**Task requirements**
Return the lines below exactly as they appear, please, starting with the first and ending with the one that contains "have := leq_term_cgsum f".

= = = =

Lemma cg_rep_intro n f t : (forall i, f i <= 2) -> f 0 = 0 -> (forall i, t < i -> f i = 0) ->
  cg_rule f -> cgsum f t = n -> cg_rep n f.
Proof.
move=> f_le2 f0 f_above f_rule sum_n.
have f_above_n i : n < i -> f i = 0.
  move=> lt_ni; apply/eqP; apply: contraLR lt_ni; rewrite -ltnNge -lt0n => fi.
  have le_it : i <= t by case: leqP => // /f_above fi0; rewrite fi0 in fi.
  have := leq_term_cgsum f le_it; have := leq_fib_even_id i.
  by have := leq_pmull (fib (2 * i)) (fi : 0 < f i); lia.
by split=> //; rewrite (cgsum_support f_above_n f_above).
Qed.

Definition ffun_digits N (c : {ffun 'I_N -> 'I_3}) (i : nat) : nat :=
  if i is i'.+1 then (if insub i' is Some j then (c j : nat) else 0) else 0.

Lemma ffun_digitsS N (c : {ffun 'I_N -> 'I_3}) (i : 'I_N) : ffun_digits c i.+1 = c i.
Proof. by rewrite /= valK. Qed.

Lemma ffun_digits_above N (c : {ffun 'I_N -> 'I_3}) i : N < i -> ffun_digits c i = 0.
Proof. by case: i => //= i; rewrite ltnS => le_Ni; rewrite insubF // ltnNge le_Ni. Qed.

Lemma ffun_digits_le2 N (c : {ffun 'I_N -> 'I_3}) i : ffun_digits c i <= 2.
Proof. by case: i => //= i; case: insub => // j; rewrite -ltnS ltn_ord. Qed.

Lemma cg_value_cgsum N (c : {ffun 'I_N -> 'I_3}) : cg_value c = cgsum (ffun_digits c) N.
Proof.
rewrite /cgsum big_ord_recl muln0 add0n; apply: eq_bigr => i _.
by rewrite lift0 ffun_digitsS.
Qed.

Lemma cg_validP N (c : {ffun 'I_N -> 'I_3}) : reflect (cg_rule (ffun_digits c)) (cg_valid c).
Proof.
apply: (iffP forallP) => [c_valid [|i] [|i'] // lt_ii' | c_rule i].
- case: (ltnP i N) => [lt_iN|le_Ni]; last by rewrite ffun_digits_above.
  case: (ltnP i' N) => [lt_i'N|le_Ni']; last by rewrite (ffun_digits_above c (i := i'.+1)).
  rewrite (ffun_digitsS c (Ordinal lt_iN)) (ffun_digitsS c (Ordinal lt_i'N)) => ci ci'.
  move: (c_valid (Ordinal lt_iN)) => /forallP /(_ (Ordinal lt_i'N)) /implyP.
  rewrite /= -ltnS lt_ii' ci ci' => /(_ isT) /existsP[t /andP[/andP[lt_it lt_ti'] /eqP ct]].
  by exists t.+1; rewrite ?ffun_digitsS // !ltnS lt_it.
- apply/forallP => i'; apply/implyP => /andP[/andP[lt_ii' /eqP ci] /eqP ci'].
  have [[|t] // lt_t] := c_rule i.+1 i'.+1 lt_ii'
    (etrans (ffun_digitsS c i) ci) (etrans (ffun_digitsS c i') ci').
  have lt_tN : t < N by move: lt_t (ltn_ord i'); rewrite !ltnS; lia.
  rewrite (ffun_digitsS c (Ordinal lt_tN)) => ct; apply/existsP; exists (Ordinal lt_tN).
  by rewrite ct eqxx andbT; exact: lt_t.
Qed.

Lemma cg_rep_ffun n (c : {ffun 'I_n -> 'I_3}) :
  cg_valid c -> cg_value c = n -> cg_rep n (ffun_digits c).
Proof.
move=> /cg_validP c_rule c_value; split=> //; [exact: ffun_digits_le2 | exact: ffun_digits_above |].
by rewrite -cg_value_cgsum.
Qed.

Lemma cgE n : cg n = if cg_coeffs n is Some c then ffun_digits c else fun=> 0.
Proof. by apply: functional_extensionality => i; rewrite /cg; case: cg_coeffs. Qed.

(* The candidate c built from f witnesses the [pick], so only uniqueness is used. *)
Lemma cg_char n f : cg_rep n f -> cg n = f.
Proof.
move=> [f_le2 f0 f_above f_rule f_sum].
pose c : {ffun 'I_n -> 'I_3} := [ffun i : 'I_n => inord (f i.+1)].
have c_digits : ffun_digits c = f.
  apply: functional_extensionality => -[|i] //; case: (ltnP i n) => [lt_in|le_ni].
    by rewrite (ffun_digitsS c (Ordinal lt_in)) ffunE inordK // ltnS.
  by rewrite ffun_digits_above ?f_above.
have c_ok : cg_valid c && (cg_value c == n).
  by apply/andP; split; [apply/cg_validP; rewrite c_digits | rewrite cg_value_cgsum c_digits f_sum].
rewrite cgE /cg_coeffs; case: pickP => [d /andP[d_valid /eqP d_value] | /(_ c)]; last first.
  by rewrite c_ok.
have [d_le2 d0 d_above d_rule d_sum] := cg_rep_ffun d_valid d_value.
apply: functional_extensionality => i; case: (leqP i n) => [le_in | lt_ni].
  by apply: (cgsum_inj d_le2 f_le2 d_rule f_rule d0 f0 _ le_in); rewrite d_sum f_sum.
by rewrite d_above ?f_above.
Qed.

Lemma cg_rep_cg n : (exists i, cg n i != 0) -> cg_rep n (cg n).
Proof.
rewrite cgE /cg_coeffs; case: pickP => [c /andP[c_valid /eqP c_value] _ | _ [//]].
exact: cg_rep_ffun.
Qed.

Lemma cg_support n i : cg n i != 0 -> 0 < i <= n.
Proof.
rewrite cgE; case: cg_coeffs => [c|//]; case: i => [//|i] ci.
by apply: contraTT ci; rewrite -ltnNge negbK => lt_ni; rewrite ffun_digits_above.
Qed.

Section FibEvenSeq.
Variables (p : pred nat) (n : nat).
Hypothesis p_support : forall i, p i -> 0 < i <= n.

Let s := [seq fib (2 * i) | i <- iota 1 n & p i].

Lemma mem_fib_even_seq i : (fib (2 * i) \in s) = p i.
Proof.
apply/mapP/idP => [[j] | p_i].
  by rewrite mem_filter => /andP[p_j _] /fib_even_inj ->.
by exists i; rewrite // mem_filter p_i mem_iota; have := p_support p_i; lia.
Qed.

Lemma mem_fib_even_seqP x : x \in s -> exists2 i, p i & x = fib (2 * i).
Proof. by move/mapP => [i]; rewrite mem_filter => /andP[p_i _] ->; exists i. Qed.

Lemma is_min_fib_even_seq k : is_min s (fib (2 * k)) <-> p k /\ (forall i, p i -> k <= i).
Proof.
rewrite /is_min mem_fib_even_seq; split=> -[p_k k_min]; split=> //.
  by move=> i p_i; rewrite -leq_fib_even; apply: k_min; rewrite mem_fib_even_seq.
by move=> _ /mem_fib_even_seqP[i p_i ->]; rewrite leq_fib_even k_min.
Qed.

Lemma is_max_fib_even_seq k : is_max s (fib (2 * k)) <-> p k /\ (forall i, p i -> i <= k).
Proof.
rewrite /is_max mem_fib_even_seq; split=> -[p_k k_max]; split=> //.
  by move=> i p_i; rewrite -leq_fib_even; apply: k_max; rewrite mem_fib_even_seq.
by move=> _ /mem_fib_even_seqP[i p_i ->]; rewrite leq_fib_even k_max.
Qed.

End FibEvenSeq.

Lemma AP k n : A k n <-> cg n k != 0 /\ (forall i, cg n i != 0 -> k <= i).
Proof.
rewrite /A /CG is_min_fib_even_seq; last exact: cg_support.
by split=> [[_ //] | [ck k_min]]; split=> //; have := cg_support ck; lia.
Qed.

Lemma is_max_CGP n j :
  is_max (CG n) (fib (2 * j)) <-> cg n j != 0 /\ (forall i, cg n i != 0 -> i <= j).
Proof. exact/is_max_fib_even_seq/cg_support. Qed.

Lemma is_max_CG2P n j :
  is_max (CG2 n) (fib (2 * j)) <-> cg n j = 2 /\ (forall i, cg n i = 2 -> i <= j).
Proof.
rewrite /CG2 is_max_fib_even_seq => [|i /eqP ci]; last by apply: cg_support; rewrite ci.
split=> -[cj j_max]; split; try exact/eqP.
  by move=> i ci; apply/j_max/eqP.
by move=> i /eqP; apply: j_max.
Qed.

Lemma A_drop_top_two a t n : a < t -> A a.+1 n ->
  is_max (CG n) (fib (2 * t.+1)) -> is_max (CG2 n) (fib (2 * t.+1)) ->
  exists m, A a.+1 m /\ m + fib (2 * a).+1 <= fib (2 * t).+1 /\ n = m + 2 * fib (2 * t.+1).
Proof.
move=> lt_at /AP[fk k_min] /is_max_CGP[_ t_max] /is_max_CG2P[ft _].
have [f_le2 f0 f_above f_rule f_sum] := cg_rep_cg (ex_intro _ a.+1 fk).
have f_above_t i : t.+1 < i -> cg n i = 0.
  by move=> lt_ti; apply/eqP; apply: contraTT lt_ti => /t_max; lia.
have f_below i : i <= a -> cg n i = 0.
  by move=> le_ia; apply/eqP; apply: contraTT le_ia => /k_min; lia.
set f := cg n in fk ft k_min f_le2 f0 f_above f_rule f_sum f_above_t f_below.
pose g := set_digit f t.+1 0.
have g_rep : cg_rep (cgsum f t) g.
  apply: (cg_rep_intro (t := t)); rewrite /g /set_digit.
  - by move=> i; case: eqP.
  - exact: f0.
  - by move=> i lt_ti; case: eqP => // ne_i; apply: f_above_t; lia.
  - exact: cg_rule_set_digit0.
  - by apply: eq_cgsum => i le_it; case: eqP => // eq_i; lia.
exists (cgsum f t); split; last split.
- apply/AP; rewrite (cg_char g_rep) /g /set_digit ifN_eq; last by rewrite eqSS; lia.
  by split=> // i; case: (eqVneq i t.+1) => // _; exact: k_min.
- by apply: (cg_closedP f_le2 f_rule f_below (ltnW lt_at)).1; exact: cg_rule_closed.
- by rewrite -[X in X = _]f_sum (cgsum_support f_above f_above_t) cgsumS ft.
Qed.

Lemma A_add_top_two a t m : a < t -> A a.+1 m -> m + fib (2 * a).+1 <= fib (2 * t).+1 ->
  [/\ A a.+1 (m + 2 * fib (2 * t.+1)),
      is_max (CG (m + 2 * fib (2 * t.+1))) (fib (2 * t.+1))
    & is_max (CG2 (m + 2 * fib (2 * t.+1))) (fib (2 * t.+1))].
Proof.
move=> lt_at /AP[fk k_min] m_le.
have [f_le2 f0 f_above f_rule f_sum] := cg_rep_cg (ex_intro _ a.+1 fk).
have f_below i : i <= a -> cg m i = 0.
  by move=> le_ia; apply/eqP; apply: contraTT le_ia => /k_min; lia.
have f_above_t i : t < i -> cg m i = 0.
  move=> lt_ti; apply/eqP; apply: contraTT m_le => fi.
  have := leq_term_cgsum (cg m) (proj2 (andP (cg_support fi))); rewrite f_sum.
  have : fib (2 * t).+1 <= fib (2 * i) by apply: leq_fib; lia.
  have := fib_gt0 (ltn0Sn (2 * a)); rewrite -lt0n in fi; have := leq_pmull (fib (2 * i)) fi; lia.
set f := cg m in fk k_min f_le2 f0 f_above f_rule f_sum f_below f_above_t.
have f_sum_t : cgsum f t = m by rewrite (cgsum_support f_above_t f_above).
have f_closed : cg_closed f t.
  by apply: (cg_closedP f_le2 f_rule f_below (ltnW lt_at)).2; rewrite f_sum_t.
pose h := set_digit f t.+1 2.
have h_above i : t.+1 < i -> h i = 0.
  by rewrite /h /set_digit; case: eqP => [|_] lt_ti; [lia | apply: f_above_t; lia].
have h_rep : cg_rep (m + 2 * fib (2 * t.+1)) h.
  apply: (cg_rep_intro (t := t.+1)) h_above _ _.
  - by move=> i; rewrite /h /set_digit; case: eqP.
  - exact: f0.
  - exact: cg_rule_set_digit_top.
  - by rewrite cgsum_set_digit_top f_sum_t.
have h_max i : h i != 0 -> i <= t.+1 by case: leqP => // /h_above ->.
split; [apply/AP | apply/is_max_CGP | apply/is_max_CG2P]; rewrite (cg_char h_rep).
- rewrite /h /set_digit ifN_eq; last by rewrite eqSS; lia.
  by split=> // i; case: (eqVneq i t.+1) => [-> _ | _]; [lia | exact: k_min].
- by rewrite /h /set_digit eqxx.
- split; first by rewrite /h /set_digit eqxx.
  by move=> i hi; apply: h_max; rewrite hi.
Qed.

Theorem lemma3p6 (k l : nat) (hk : 1 <= k) (hl : 1 <= l) (n : nat) :
  (A k n /\ is_max (CG n) (fib (2 * k + 2 * l))
         /\ is_max (CG2 n) (fib (2 * k + 2 * l)))
  <->
  (exists m, A k m /\ m <= \sum_(0 <= i < l) fib (2 * k + 2 * i)
             /\ n = m + 2 * fib (2 * k + 2 * l)).
Proof.
case: k hk => // a _; case: l hl => // l _.
have lt_at : a < a + l.+1 by rewrite -addSnnS leq_addr.
have sum_eq := sum_fib_even a l.+1.
have -> : 2 * a.+1 + 2 * l.+1 = 2 * (a + l.+1).+1 by lia.
set t := a + l.+1 in lt_at sum_eq *.
split=> [[An [max_CG max_CG2]] | [m [Am [m_le ->]]]].
  have [m [Am [m_le ->]]] := A_drop_top_two lt_at An max_CG max_CG2.
  by exists m; split; last split; rewrite // -(leq_add2r (fib (2 * a).+1)) sum_eq.
have [] // := A_add_top_two lt_at Am.
by rewrite -sum_eq leq_add2r.
Qed.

= = = =

**Answer to this exercise**
Lemma cg_rep_intro n f t : (forall i, f i <= 2) -> f 0 = 0 -> (forall i, t < i -> f i = 0) ->
  cg_rule f -> cgsum f t = n -> cg_rep n f.
Proof.
move=> f_le2 f0 f_above f_rule sum_n.
have f_above_n i : n < i -> f i = 0.
  move=> lt_ni; apply/eqP; apply: contraLR lt_ni; rewrite -ltnNge -lt0n => fi.
  have le_it : i <= t by case: leqP => // /f_above fi0; rewrite fi0 in fi.
  have := leq_term_cgsum f le_it; have := leq_fib_even_id i.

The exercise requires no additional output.